What is expected: Using the material that follows, output exactly the lines from the one containing "have -> : frob (X" through the one containing "set q := fun", with both ends kept.

Data to process:
--*--

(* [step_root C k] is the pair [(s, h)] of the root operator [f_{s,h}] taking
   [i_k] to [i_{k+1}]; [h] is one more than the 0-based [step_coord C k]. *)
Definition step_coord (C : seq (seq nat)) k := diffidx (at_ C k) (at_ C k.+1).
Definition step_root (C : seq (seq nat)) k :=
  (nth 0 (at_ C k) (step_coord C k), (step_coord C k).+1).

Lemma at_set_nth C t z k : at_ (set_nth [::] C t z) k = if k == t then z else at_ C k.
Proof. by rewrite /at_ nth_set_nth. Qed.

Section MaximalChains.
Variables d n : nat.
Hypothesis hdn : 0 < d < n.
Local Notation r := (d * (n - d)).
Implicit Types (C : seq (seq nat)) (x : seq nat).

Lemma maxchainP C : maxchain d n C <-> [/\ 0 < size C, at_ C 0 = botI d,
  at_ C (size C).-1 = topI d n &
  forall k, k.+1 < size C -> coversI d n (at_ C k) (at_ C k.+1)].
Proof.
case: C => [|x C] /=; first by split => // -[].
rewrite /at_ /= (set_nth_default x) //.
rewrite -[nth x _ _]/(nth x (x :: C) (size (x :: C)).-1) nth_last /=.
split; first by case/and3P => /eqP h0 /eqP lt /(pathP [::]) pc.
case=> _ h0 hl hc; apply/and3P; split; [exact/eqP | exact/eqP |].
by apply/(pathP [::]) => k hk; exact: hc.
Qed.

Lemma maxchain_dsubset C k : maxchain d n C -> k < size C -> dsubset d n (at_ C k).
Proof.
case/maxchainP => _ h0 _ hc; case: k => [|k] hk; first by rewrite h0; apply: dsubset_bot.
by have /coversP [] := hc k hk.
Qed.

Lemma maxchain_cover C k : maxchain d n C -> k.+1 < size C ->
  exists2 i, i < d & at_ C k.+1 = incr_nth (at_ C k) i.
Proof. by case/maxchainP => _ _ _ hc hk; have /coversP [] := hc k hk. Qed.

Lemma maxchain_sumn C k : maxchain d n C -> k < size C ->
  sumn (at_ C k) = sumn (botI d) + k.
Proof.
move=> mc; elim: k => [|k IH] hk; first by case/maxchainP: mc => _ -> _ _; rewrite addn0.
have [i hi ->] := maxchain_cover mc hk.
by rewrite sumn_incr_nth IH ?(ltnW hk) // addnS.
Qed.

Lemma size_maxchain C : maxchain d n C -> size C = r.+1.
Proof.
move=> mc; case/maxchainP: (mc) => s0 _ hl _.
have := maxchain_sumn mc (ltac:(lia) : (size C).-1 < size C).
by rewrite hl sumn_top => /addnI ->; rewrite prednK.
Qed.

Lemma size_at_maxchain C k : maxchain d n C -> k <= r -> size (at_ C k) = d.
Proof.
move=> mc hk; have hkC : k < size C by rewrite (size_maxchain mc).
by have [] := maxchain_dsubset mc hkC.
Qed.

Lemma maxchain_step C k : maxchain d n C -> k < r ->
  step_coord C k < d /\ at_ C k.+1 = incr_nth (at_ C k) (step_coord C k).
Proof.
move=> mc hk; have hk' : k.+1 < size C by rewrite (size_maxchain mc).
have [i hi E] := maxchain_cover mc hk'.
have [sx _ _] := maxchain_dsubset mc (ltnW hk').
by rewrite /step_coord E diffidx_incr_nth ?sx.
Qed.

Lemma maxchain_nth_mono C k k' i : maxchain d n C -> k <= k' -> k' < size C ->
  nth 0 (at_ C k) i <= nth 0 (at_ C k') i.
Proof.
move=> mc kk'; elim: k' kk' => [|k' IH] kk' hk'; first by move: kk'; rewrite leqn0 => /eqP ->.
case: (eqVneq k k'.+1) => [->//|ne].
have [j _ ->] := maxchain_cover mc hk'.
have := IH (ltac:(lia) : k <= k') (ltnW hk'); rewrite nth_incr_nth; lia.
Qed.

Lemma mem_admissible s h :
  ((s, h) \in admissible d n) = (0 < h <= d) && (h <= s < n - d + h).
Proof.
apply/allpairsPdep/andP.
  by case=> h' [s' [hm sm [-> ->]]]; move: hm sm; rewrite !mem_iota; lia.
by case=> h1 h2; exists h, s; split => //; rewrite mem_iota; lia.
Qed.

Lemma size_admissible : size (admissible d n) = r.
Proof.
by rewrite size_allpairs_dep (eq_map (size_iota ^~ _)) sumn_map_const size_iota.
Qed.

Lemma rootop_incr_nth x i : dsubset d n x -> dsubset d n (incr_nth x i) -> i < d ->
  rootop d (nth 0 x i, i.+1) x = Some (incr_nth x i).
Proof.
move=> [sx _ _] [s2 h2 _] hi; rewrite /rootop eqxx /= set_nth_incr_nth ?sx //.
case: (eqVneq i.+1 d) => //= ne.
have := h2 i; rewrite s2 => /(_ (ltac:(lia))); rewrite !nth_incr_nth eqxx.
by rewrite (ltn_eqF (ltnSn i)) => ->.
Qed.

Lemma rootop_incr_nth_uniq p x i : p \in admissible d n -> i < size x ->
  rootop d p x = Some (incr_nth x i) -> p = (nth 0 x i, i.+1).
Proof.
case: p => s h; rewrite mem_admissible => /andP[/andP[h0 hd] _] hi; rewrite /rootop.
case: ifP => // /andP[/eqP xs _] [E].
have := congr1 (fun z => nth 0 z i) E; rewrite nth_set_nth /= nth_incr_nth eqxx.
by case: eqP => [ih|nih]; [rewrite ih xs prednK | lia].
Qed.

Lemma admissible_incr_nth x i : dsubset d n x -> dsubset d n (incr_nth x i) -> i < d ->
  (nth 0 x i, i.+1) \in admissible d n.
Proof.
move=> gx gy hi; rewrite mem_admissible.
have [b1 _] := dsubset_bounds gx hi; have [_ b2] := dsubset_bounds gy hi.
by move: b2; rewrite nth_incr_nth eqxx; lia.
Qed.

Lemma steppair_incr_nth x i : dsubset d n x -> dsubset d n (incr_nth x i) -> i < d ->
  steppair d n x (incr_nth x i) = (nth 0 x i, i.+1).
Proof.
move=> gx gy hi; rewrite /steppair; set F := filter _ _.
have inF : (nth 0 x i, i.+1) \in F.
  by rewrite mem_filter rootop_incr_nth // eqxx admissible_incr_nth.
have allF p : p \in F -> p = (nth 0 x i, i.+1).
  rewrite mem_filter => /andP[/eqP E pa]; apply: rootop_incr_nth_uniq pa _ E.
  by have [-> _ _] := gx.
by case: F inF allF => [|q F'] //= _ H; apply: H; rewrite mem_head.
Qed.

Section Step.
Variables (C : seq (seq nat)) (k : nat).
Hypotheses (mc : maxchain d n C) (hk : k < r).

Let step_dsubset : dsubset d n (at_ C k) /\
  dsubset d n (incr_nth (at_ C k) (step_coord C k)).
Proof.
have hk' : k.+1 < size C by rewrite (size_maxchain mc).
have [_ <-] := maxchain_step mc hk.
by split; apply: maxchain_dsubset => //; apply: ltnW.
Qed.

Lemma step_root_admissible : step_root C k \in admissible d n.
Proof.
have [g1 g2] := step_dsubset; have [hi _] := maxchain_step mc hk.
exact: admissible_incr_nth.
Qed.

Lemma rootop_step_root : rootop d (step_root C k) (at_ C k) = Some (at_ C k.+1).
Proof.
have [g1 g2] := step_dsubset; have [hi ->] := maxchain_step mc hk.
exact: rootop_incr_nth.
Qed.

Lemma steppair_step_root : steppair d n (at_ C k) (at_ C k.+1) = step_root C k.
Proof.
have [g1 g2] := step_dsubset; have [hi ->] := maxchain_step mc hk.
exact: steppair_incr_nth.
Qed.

--*--

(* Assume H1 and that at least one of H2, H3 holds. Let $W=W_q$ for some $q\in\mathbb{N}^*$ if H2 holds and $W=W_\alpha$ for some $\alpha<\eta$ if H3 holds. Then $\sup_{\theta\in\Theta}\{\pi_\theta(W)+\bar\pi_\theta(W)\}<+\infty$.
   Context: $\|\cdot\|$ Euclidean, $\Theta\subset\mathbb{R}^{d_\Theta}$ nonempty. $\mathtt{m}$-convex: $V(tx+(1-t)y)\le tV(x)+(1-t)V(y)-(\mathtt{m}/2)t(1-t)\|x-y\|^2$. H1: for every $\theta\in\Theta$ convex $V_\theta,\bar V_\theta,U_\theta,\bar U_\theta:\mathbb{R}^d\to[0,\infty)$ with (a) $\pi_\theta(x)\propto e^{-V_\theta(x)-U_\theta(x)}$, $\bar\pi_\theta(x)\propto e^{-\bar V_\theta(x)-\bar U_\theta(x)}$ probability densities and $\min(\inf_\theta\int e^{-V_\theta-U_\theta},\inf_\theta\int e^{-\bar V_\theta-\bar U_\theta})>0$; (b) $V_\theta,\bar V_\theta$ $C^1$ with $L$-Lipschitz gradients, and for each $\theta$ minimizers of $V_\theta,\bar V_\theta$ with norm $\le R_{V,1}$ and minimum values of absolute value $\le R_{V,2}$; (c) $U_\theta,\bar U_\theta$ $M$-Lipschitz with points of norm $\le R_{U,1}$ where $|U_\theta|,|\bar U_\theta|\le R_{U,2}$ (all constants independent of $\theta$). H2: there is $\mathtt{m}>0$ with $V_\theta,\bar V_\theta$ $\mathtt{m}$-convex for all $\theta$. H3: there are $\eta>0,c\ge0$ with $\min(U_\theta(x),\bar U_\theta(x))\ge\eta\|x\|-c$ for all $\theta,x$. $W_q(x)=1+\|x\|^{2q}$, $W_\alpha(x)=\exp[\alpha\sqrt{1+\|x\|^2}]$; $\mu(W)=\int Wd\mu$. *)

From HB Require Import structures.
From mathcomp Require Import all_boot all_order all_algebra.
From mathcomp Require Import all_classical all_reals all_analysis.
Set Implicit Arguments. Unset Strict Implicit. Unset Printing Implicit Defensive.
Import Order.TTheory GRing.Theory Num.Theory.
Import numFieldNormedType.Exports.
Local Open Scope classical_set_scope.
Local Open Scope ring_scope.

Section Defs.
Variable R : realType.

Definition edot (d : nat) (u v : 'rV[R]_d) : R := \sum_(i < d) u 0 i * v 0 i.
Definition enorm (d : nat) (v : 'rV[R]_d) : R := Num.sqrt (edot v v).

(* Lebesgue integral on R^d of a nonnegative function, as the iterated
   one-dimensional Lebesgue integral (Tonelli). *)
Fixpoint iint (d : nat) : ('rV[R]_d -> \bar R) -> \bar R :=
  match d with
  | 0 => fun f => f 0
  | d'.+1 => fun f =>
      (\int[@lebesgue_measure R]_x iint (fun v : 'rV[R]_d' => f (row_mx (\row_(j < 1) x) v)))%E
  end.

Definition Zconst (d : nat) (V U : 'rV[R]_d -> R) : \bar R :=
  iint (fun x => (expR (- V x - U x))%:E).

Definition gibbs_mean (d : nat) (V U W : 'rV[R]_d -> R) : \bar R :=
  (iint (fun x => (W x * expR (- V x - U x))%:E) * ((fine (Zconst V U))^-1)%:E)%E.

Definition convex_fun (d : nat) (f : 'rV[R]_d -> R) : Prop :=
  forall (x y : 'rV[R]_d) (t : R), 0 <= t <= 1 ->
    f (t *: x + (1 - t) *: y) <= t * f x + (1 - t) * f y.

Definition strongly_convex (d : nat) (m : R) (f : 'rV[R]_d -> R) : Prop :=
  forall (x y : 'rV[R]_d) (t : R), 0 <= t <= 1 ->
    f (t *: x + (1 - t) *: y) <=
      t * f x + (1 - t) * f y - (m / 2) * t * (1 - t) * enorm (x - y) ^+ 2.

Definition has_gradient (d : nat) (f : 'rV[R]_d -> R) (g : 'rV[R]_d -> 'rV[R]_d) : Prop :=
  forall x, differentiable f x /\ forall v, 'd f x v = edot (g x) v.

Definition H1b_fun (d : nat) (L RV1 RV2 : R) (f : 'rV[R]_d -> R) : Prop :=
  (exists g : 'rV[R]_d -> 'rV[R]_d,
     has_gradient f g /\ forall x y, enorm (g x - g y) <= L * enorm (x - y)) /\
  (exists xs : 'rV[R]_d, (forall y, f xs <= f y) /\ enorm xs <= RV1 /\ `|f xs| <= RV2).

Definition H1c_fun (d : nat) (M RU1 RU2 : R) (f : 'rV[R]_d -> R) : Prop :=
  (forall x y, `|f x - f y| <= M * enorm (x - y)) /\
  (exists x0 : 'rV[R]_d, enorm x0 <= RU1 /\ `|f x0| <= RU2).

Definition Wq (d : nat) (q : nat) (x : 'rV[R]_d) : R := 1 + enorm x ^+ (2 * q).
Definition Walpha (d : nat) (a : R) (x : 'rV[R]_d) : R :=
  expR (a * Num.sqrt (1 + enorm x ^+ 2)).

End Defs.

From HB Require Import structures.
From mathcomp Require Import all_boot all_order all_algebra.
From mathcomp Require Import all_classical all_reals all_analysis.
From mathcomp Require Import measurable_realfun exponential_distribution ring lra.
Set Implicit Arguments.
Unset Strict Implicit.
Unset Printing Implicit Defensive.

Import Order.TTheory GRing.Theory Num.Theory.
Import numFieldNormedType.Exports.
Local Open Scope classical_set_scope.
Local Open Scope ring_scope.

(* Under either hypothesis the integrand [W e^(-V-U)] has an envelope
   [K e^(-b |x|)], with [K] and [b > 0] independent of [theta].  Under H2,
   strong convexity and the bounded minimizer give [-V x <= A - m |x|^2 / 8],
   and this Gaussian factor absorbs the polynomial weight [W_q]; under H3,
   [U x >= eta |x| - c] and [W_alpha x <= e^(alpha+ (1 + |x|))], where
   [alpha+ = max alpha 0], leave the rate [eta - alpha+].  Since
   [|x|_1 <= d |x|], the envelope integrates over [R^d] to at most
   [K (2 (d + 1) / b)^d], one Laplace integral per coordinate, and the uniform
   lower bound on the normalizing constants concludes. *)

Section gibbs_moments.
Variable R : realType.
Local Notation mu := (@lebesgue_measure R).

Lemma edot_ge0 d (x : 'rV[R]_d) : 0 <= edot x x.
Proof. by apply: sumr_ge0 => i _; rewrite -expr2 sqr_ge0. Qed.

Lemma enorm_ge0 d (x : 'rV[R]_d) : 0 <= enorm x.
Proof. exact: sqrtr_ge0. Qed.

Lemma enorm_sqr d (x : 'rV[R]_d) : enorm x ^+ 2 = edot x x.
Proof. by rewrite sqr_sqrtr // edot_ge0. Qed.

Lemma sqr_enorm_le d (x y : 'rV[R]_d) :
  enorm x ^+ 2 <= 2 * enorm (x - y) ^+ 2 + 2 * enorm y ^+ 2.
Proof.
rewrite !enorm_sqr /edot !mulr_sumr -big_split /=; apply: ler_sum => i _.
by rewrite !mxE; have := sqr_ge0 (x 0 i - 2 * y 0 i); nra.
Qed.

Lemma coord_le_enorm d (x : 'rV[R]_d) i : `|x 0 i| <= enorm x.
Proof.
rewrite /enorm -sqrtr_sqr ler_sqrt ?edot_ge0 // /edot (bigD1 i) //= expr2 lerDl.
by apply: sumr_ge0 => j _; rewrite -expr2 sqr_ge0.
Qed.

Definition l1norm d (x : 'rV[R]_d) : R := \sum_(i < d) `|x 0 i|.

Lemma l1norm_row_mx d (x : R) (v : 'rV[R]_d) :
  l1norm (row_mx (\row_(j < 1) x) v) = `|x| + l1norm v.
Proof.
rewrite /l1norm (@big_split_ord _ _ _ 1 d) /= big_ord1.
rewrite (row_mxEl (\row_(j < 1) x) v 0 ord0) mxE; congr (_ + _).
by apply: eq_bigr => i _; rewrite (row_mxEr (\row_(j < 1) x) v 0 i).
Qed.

--*--

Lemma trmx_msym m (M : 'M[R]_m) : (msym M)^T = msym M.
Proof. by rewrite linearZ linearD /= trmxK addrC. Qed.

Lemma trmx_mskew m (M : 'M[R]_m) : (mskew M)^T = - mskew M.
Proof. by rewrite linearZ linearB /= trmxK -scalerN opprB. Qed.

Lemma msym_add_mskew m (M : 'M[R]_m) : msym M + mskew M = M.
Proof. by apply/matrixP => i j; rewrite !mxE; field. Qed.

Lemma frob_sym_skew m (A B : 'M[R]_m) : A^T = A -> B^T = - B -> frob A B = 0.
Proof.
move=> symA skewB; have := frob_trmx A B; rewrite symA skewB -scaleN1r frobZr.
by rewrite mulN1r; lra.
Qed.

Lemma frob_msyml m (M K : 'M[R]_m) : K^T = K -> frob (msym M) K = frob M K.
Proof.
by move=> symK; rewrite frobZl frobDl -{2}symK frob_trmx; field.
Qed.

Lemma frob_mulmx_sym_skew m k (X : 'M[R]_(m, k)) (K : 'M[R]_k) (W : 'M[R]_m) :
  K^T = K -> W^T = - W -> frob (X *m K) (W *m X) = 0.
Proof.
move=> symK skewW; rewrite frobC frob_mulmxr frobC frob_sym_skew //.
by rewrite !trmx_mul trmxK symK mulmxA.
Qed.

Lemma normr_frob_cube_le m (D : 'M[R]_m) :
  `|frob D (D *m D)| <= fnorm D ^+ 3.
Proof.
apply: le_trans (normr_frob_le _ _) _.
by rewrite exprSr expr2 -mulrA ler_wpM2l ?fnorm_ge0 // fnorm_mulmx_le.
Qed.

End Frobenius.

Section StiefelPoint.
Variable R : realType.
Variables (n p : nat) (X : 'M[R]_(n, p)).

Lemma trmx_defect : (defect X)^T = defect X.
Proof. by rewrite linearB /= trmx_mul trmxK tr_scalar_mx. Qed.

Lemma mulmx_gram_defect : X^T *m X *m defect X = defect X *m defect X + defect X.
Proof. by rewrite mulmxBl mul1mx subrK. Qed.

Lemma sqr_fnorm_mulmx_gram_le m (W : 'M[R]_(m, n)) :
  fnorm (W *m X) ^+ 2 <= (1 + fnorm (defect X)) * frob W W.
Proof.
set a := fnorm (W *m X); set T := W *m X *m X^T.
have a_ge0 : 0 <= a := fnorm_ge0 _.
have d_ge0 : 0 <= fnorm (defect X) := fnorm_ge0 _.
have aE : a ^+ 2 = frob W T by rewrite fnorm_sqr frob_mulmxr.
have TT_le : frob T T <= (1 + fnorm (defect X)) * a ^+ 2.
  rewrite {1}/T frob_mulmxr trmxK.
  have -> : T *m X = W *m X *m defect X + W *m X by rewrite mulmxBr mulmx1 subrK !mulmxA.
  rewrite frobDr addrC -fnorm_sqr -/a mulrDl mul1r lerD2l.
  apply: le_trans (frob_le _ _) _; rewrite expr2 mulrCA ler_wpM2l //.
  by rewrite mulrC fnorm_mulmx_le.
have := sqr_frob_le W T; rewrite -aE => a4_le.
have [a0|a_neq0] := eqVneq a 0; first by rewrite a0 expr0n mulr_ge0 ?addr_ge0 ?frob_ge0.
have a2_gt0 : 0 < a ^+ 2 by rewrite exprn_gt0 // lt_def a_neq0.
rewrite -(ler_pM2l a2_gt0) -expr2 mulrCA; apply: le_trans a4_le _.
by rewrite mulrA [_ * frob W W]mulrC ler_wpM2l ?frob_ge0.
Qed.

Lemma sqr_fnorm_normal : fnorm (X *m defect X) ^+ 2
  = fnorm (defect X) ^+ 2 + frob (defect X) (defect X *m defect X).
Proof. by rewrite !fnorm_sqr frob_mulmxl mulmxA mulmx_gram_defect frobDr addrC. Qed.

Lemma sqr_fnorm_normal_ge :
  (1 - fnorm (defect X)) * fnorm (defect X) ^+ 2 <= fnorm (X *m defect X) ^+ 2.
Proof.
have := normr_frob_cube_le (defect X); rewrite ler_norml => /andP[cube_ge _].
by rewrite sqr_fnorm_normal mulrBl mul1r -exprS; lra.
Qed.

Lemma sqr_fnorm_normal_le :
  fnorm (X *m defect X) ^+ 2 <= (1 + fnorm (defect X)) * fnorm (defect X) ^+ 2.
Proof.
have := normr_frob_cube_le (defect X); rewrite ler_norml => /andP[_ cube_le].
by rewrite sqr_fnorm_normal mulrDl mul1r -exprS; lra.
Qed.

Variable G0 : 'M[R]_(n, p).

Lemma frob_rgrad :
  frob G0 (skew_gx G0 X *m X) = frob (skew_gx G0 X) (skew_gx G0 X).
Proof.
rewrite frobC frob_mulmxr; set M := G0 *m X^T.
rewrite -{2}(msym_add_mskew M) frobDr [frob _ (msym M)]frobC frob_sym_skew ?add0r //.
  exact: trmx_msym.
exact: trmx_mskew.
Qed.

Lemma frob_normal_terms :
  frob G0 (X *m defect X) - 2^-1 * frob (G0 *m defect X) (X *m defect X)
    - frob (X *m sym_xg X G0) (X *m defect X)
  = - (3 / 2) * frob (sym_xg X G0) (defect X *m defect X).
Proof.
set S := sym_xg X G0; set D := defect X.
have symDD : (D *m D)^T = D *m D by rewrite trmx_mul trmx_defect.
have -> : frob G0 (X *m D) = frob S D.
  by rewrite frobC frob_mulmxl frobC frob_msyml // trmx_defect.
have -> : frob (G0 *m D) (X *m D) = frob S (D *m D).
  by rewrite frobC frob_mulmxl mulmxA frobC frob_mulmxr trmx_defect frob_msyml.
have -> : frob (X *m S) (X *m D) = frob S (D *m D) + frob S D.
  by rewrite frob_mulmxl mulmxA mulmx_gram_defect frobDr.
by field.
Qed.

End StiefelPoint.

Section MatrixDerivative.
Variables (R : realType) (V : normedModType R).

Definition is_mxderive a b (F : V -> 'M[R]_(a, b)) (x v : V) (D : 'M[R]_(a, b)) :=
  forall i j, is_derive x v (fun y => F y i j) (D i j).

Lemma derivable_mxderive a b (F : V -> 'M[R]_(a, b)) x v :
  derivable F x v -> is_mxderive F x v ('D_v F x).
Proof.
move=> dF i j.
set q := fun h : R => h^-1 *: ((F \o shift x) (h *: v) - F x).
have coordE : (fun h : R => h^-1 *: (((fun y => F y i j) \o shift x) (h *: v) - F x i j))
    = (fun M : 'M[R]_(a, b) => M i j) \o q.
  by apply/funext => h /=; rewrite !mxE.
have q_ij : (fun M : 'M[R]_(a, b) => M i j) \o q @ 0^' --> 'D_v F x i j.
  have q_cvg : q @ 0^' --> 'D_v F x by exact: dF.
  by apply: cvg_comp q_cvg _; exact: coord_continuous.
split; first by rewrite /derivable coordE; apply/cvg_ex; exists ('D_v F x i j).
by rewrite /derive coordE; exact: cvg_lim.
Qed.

--*--

Response:
have -> : frob (X *m S) (X *m D) = frob S (D *m D) + frob S D.
  by rewrite frob_mulmxl mulmxA mulmx_gram_defect frobDr.
by field.
Qed.

End StiefelPoint.

Section MatrixDerivative.
Variables (R : realType) (V : normedModType R).

Definition is_mxderive a b (F : V -> 'M[R]_(a, b)) (x v : V) (D : 'M[R]_(a, b)) :=
  forall i j, is_derive x v (fun y => F y i j) (D i j).

Lemma derivable_mxderive a b (F : V -> 'M[R]_(a, b)) x v :
  derivable F x v -> is_mxderive F x v ('D_v F x).
Proof.
move=> dF i j.
set q := fun h : R => h^-1 *: ((F \o shift x) (h *: v) - F x).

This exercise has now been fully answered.